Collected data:
════

Theorem theorem3p8 (R : realType) (V : lmodType R[i]) (ip : V -> V -> R[i])
    (A B C : V -> V) :
  is_hilbert ip ->
  is_positive_op ip A ->
  in_BA ip A B -> in_BA ip A C ->
  let CC := fun x => sharpA ip A C (C x) in
  let BB := fun x => sharpA ip A B (B x) in
  dwA0 ip A (offdiag B C) ^+ 2 <=
    2^-1 * Num.max (omegaA ip A (fun x => CC (CC x) + CC x))
                   (omegaA ip A (fun x => BB x + BB (BB x)))
  + 2^-1 * Num.max (omegaA ip A (fun x => CC (CC x) - CC x))
                   (omegaA ip A (fun x => BB x - BB (BB x)))
  + omegaA0 ip A (offdiag (fun x => CC (B x)) (fun x => BB (C x))).
Proof.
move=> [Hip Hcomp] HA [hB [XB [hXB hBX]]] [hC [XC [hXC hCX]]].
cbv beta zeta; set rhs := (X in _ <= X).
have rhs_ge0 : 0 <= rhs.
  by rewrite !addr_ge0 ?mulr_ge0 ?invr_ge0 ?le_max ?omegaA_ge0 ?omegaA0_ge0.
rewrite /dwA0; set D := [set _ | _ in _]%classic.
have [[L L_ub]|D_unbounded] := pselect (has_ubound D); last first.
  by rewrite sup_out ?expr0n //; case.
apply: sqr_sup_sqrt_le => // z /(normA0_eq1 Hip HA) z1.
rewrite (normA0_exp4 Hip HA) -/(cabs _).
apply: (dwA0_offdiag_pointwise_le Hip Hcomp HA hB hXB hBX hC hXC hCX (normr_ge0 L) _ z1).
exact: (sqnormA0_le_dw_ub Hip HA L_ub).
Qed.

════

[WHAT YOU ARE ASKED TO DO]
Write out exactly the final stretch of the records: the line containing "rewrite /dwA0; set" and every line after it, through the last, and nothing else.

[RESPONSE TO THE TASK]
rewrite /dwA0; set D := [set _ | _ in _]%classic.
have [[L L_ub]|D_unbounded] := pselect (has_ubound D); last first.
  by rewrite sup_out ?expr0n //; case.
apply: sqr_sup_sqrt_le => // z /(normA0_eq1 Hip HA) z1.
rewrite (normA0_exp4 Hip HA) -/(cabs _).
apply: (dwA0_offdiag_pointwise_le Hip Hcomp HA hB hXB hBX hC hXC hCX (normr_ge0 L) _ z1).
exact: (sqnormA0_le_dw_ub Hip HA L_ub).
Qed.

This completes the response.